Because our results indicated an enhanced IL-17/IL-23 axis in inflamed DD skin, we took a precision medicine approach and administered monoclonal antibodies targeting the overexpressed cytokine to treatment-refractory patients. Specifically, we treated PAT1 with an IL-23A blocking antibody (guselkumab) and PAT2 and PAT9 with an IL-17A blocking antibody (secukinumab).
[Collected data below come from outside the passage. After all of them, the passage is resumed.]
Let mX i : measurable_fun setT (X i) := measurable_funPT (X i).
Let mY i : measurable_fun setT (Y i) := measurable_funPT (Y i).

Definition covered n := [set w | ((V n w)%:E <= Qhat alpha (xs w) (vs w) n)%E].

Lemma measurable_covered n : measurable (covered n).
Proof.
have a0 : 0 < alpha by case/andP: alpha01.
have -> : covered n = \big[setI/setT]_(j < n)
    ([set w | V n w <= V j w] `|`
     [set w | loc_count (xs w) (vs w) n (V j w) < alpha * loc_mass (xs w) n]).
  rewrite -bigcap_seq; apply/seteqP; split => w; rewrite /covered /= le_Qhat_finP //.
    move=> cov j _; have [//|Vjn] := leP (V n w) (V j w); first by left.
    by right; exact: cov.
  move=> cov j Vjn; have [|//] := cov j (mem_index_enum _).
  by rewrite /= leNgt Vjn.
have mV i : measurable_fun setT (fun w => V i w).
  exact: measurable_fun_Vscore.
have mH i : measurable_fun setT (fun w => Hloc (X n w) (X i w)).
  exact: measurable_fun_Hloc.
apply: bigsetI_measurable => j _; apply: measurableU; first exact: measurable_ler.
apply: measurable_ltr.
  apply: measurable_sum => k; apply: measurable_funM => //.
  by apply: measurable_fun_ifT => //; exact: measurable_fun_ler.
by apply: measurable_funM => //; apply: measurable_sum => k.
Qed.

Hypothesis law0 : forall i (A : set R), measurable A ->
  P [set w | X i w = 0 /\ A (Y i w - X i w)] =
  ((alpha / (2 - alpha))%:E * \d_(0%R : R) A)%E.
Hypothesis law1 : forall i (c : R) (A : set R), (c = -1 \/ c = 1) -> measurable A ->
  P [set w | X i w = c /\ A (Y i w - X i w)] =
  (((1 - alpha) / (2 - alpha))%:E *
     (lebesgue_measure (A `&` `[(-2)%R, 2%R]) * (4^-1)%:E))%E.

Let p0 := alpha / (2 - alpha).
Let p1 := (1 - alpha) / (2 - alpha).

Let two_sub_alpha_neq0 : 2 - alpha != 0.
Proof. by case/andP: alpha01 => _ a1; rewrite lt0r_neq0 //; lra. Qed.

Let p0_p1 : p0 = alpha * (1 - p1).
Proof. by rewrite /p0 /p1; field; exact: two_sub_alpha_neq0. Qed.

Definition cell i (x : R) (A : set R) := [set w | X i w = x /\ A (Y i w - X i w)].

Lemma measurable_cell i x A : measurable A -> measurable (cell i x A).
Proof.
move=> mA; apply: measurableI; first exact: measurable_funPTI (measurable_set1 x).
by have := measurable_funB (mY i) (mX i) measurableT mA; rewrite setTI.
Qed.

Lemma Pr_cell0 i : Pr P (cell i 0 [set 0]) = p0.
Proof.
apply: EFin_inj; rewrite -PrE; last by apply: measurable_cell; exact: measurable_set1.
by rewrite law0 ?diracE ?in_set1 ?eqxx ?mule1 //; exact: measurable_set1.
Qed.

Lemma Pr_cell_itv i c (del : R) : (c = -1 \/ c = 1) -> 0 <= del <= 2 ->
  Pr P (cell i c `[- del, del]) = p1 * del / 2.
Proof.
move=> c1 del2; apply: EFin_inj; rewrite -PrE; last exact: measurable_cell.
rewrite law1 // lebesgue_measure_itv_sym // -!EFinM; congr (_%:E).
by rewrite /p1; field; exact: two_sub_alpha_neq0.
Qed.

Lemma Pr_X_eq i c : (c = -1 \/ c = 1) -> Pr P [set w | X i w = c] = p1.
Proof.
move=> c1; have -> : [set w | X i w = c] = cell i c setT.
  by apply/seteqP; split => w //= [].
apply: EFin_inj; rewrite -PrE; last exact: measurable_cell.
rewrite law1 // setTI -[X in lebesgue_measure X]setIid.
rewrite lebesgue_measure_itv_sym; last by apply/andP; split; lra.
rewrite -!EFinM; congr (_%:E).
by rewrite /p1; field; exact: two_sub_alpha_neq0.
Qed.

Definition loc_type (c del x y : R) : option bool :=
  if `|x - c| <= 3 / 2 then Some (`|y - x| <= del) else None.

Definition loc_gain (t : option bool) : R :=
  if t is Some b then b%:R - alpha else 0.

Lemma loc_gain_le1 t : `|loc_gain t| <= 1.
Proof.
case/andP: alpha01 => a0 a1.
case: t => [[]|] /=; rewrite ?normr0 // ?sub0r ?normrN ger0_norm; lra.
Qed.

Lemma sum_loc_gain (x y : nat -> R) del n :
  \sum_(i < n) loc_gain (loc_type (x n) del (x i) (y i)) =
  loc_count x (fun i => Vscore (x i) (y i)) n del - alpha * (loc_mass x n - 1).
Proof.
rewrite loc_massE [1 + _]addrC addrK /loc_count mulr_sumr -sumrB.
apply: eq_bigr => i _; rewrite /loc_type /Hloc /Vscore distrC.
by case: ifP => _; case: ifP => _ /=; rewrite ?mul1r ?mul0r ?mulr1 ?mulr0 ?subr0.
Qed.

Definition type_set c del t : set (R * R) := [set p | loc_type c del p.1 p.2 = t].

Lemma measurable_type_set c del t : measurable (type_set c del t).
Proof.
have mloc : measurable [set p : R * R | `|p.1 - c| <= 3 / 2].
  apply: measurable_ler => //; apply: measurableT_comp => //.
  exact: measurable_funB.
have mclose : measurable [set p : R * R | `|p.2 - p.1| <= del].
  apply: measurable_ler => //; apply: measurableT_comp => //.
  exact: measurable_funB.
rewrite /type_set /loc_type; case: t => [b|].
  have -> : [set p : R * R | (if `|p.1 - c| <= 3 / 2
                                then Some (`|p.2 - p.1| <= del) else None) = Some b] =
      [set p | `|p.1 - c| <= 3 / 2] `&` [set p | (`|p.2 - p.1| <= del) = b].
    apply/seteqP; split => p /=; last by case=> -> <-.
    by case: ifP => // loc [<-].
  apply: measurableI => //; case: b => //.
  have -> : [set p : R * R | (`|p.2 - p.1| <= del) = false] =
      ~` [set p | `|p.2 - p.1| <= del].
    by apply/seteqP; split => p /=; [move=> ->|move/negP/negbTE].
  exact: measurableC.
have -> : [set p : R * R | (if `|p.1 - c| <= 3 / 2
                            then Some (`|p.2 - p.1| <= del) else None) = None] =
    ~` [set p | `|p.1 - c| <= 3 / 2].
  by apply/seteqP; split => p /=; case: ifP.
exact: measurableC.
Qed.

Definition type_event c del i t : set T :=
  [set w | type_set c del t (X i w, Y i w)].

Lemma measurable_type_event c del i t : measurable (type_event c del i t).
Proof.
have := measurable_fun_pair (mX i) (mY i) measurableT (measurable_type_set c del t).
by rewrite setTI.
Qed.

Lemma sum_Pr_type_event c del i : \sum_t Pr P (type_event c del i t) = 1.
Proof. exact: sum_Pr_fibers (measurable_type_event c del i). Qed.

Hypothesis indep : pairs_indep P (fun i => X i : T -> R) (fun i => Y i : T -> R).

Definition profile_event c del n (s : {ffun 'I_n -> option bool}) : set T :=
  \big[setI/setT]_(i < n) type_event c del i (s i).

Lemma measurable_profile_event c del n s :
  measurable (@profile_event c del n s).
Proof. by apply: bigsetI_measurable => i _; exact: measurable_type_event. Qed.

Lemma Pr_profile_event c del n s :
  Pr P (@profile_event c del n s) = \prod_(i < n) Pr P (type_event c del i (s i)).
Proof.
pose B j := if (insub j : option 'I_n) is Some i then type_set c del (s i) else setT.
have mB j : measurable (B j).
  by rewrite /B; case: insub => // i; exact: measurable_type_set.
have -> : profile_event c del s =
    \big[setI/setT]_(0 <= j < n) [set w | B j (X j w, Y j w)].
  by rewrite big_mkord; apply: eq_bigr => i _; rewrite /B valK.
have mBXY j : measurable [set w | B j (X j w, Y j w)].
  by have := measurable_fun_pair (mX j) (mY j) measurableT (mB j); rewrite setTI.
apply: EFin_inj; rewrite -PrE; last by apply: bigsetI_measurable => j _.
rewrite indep ?iota_uniq // big_mkord -prodEFin; apply: eq_bigr => i _.
by rewrite /B valK -PrE //; exact: measurable_type_event.
Qed.

Lemma profile_event_loc_type c del n w :
  @profile_event c del n [ffun i : 'I_n => loc_type c del (X i w) (Y i w)] w.
Proof.
apply: (big_ind (fun A : set T => A w)) => // i _.
by rewrite /type_event /type_set /= ffunE.
Qed.

Definition low_cdf_event c del n : set T :=
  \big[setU/set0]_(s : {ffun 'I_n -> option bool} | \sum_i loc_gain (s i) < alpha)
    profile_event c del s.

Lemma measurable_low_cdf_event c del n : measurable (low_cdf_event c del n).
Proof. by apply: bigsetU_measurable => s _; exact: measurable_profile_event. Qed.

Lemma type_gain_mean_ge c del i : (c = -1 \/ c = 1) -> 0 < del <= 2 ->
  p1 * del / 2 <= \sum_t Pr P (type_event c del i t) * loc_gain t.
Proof.
move=> c1 /andP[del0 del2]; case/andP: alpha01 => a0 a1.
have c_neq0 : c != 0 by case: c1 => ->; rewrite ?oppr_eq0 oner_eq0.
have loc_near : Pr P (cell i 0 [set 0] `|` cell i c `[- del, del])
    <= Pr P (type_event c del i (Some true)).
  apply: le_Pr; [|exact: measurable_type_event|].
    by apply: measurableU; apply: measurable_cell => //; exact: measurable_set1.
  move=> w; rewrite /type_event /type_set /loc_type /=.
  have c_loc : `|c| <= 3 / 2 by case: c1 => ->; rewrite ?normrN normr1; lra.
  case=> -[-> eps].
    by rewrite sub0r normrN c_loc eps normr0 ltW.
  move: eps; rewrite /= in_itv /= -ler_norml => eps.
  by rewrite subrr normr0 ifT ?eps //; lra.
have far : Pr P [set w | X i w = - c] <= Pr P (type_event c del i None).
  apply: le_Pr; [exact: measurable_funPTI (measurable_set1 _)|
                 exact: measurable_type_event|].
  move=> w; rewrite /type_event /type_set /loc_type /= => ->; rewrite ifF //.
  apply/negbTE; rewrite -ltNge ltr_normr.
  by case: c1 => ->; apply/orP; [left|right]; lra.
rewrite Pr_setU in loc_near; last first.
- apply/seteqP; split => // w /= [[X0 _] [Xc _]].
  by move: c_neq0; rewrite -Xc X0 eqxx.
- exact: measurable_cell.
- by apply: measurable_cell; exact: measurable_set1.
rewrite Pr_cell0 Pr_cell_itv // in loc_near; last by apply/andP; split; lra.
rewrite Pr_X_eq in far; last by case: c1 => ->; rewrite ?opprK; [right|left].
have := sum_Pr_type_event c del i; rewrite !sum_option_bool /= mulr0 add0r => sum1.
move: loc_near far sum1 p0_p1; nra.
Qed.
In all three patients, we observed a rapid decrease in skin inflammation, followed by a reduction and flattening of hyperkeratotic papules and plaques, especially in the most severely affected areas of the body (i.e., the thorax; Fig. 3a, Suppl. Fig. 8). The assessment of clinical scores showed a 50% reduction of the Investigator’s Global Assessment (IGA) from 4 points (severe disease) at baseline to 2 points (mild disease) during treatment (Fig. 3b). In addition, we observed a reduction in itching and an improvement in the patients’ quality of life (Suppl. Fig. 9). The treatment is well tolerated and has been used in two patients (PAT1, 2) for more than a year. Interestingly, three months after treatment initiation in PAT1 and PAT2, improvement in clinical symptoms was accompanied by normalization of the inflammatory gene expression profile (NanoString and qRT-PCR; Fig. 4a–c) in the patients’ skin. In detail, antibody therapy specifically suppressed Th17 associated cytokines (IL23A in PAT1, IL17A in PAT2) in skin samples, which correlated with a normalization and/or increased expression of Th1 and Th2 cytokines compared to HC (Fig. 4a, b). The decrease in IL23 expression (Fig. 4a) correlated well with a decrease in Th17 cells in PAT1 skin samples collected before and during antibody therapy (Fig. 4e, Suppl. Fig. 10).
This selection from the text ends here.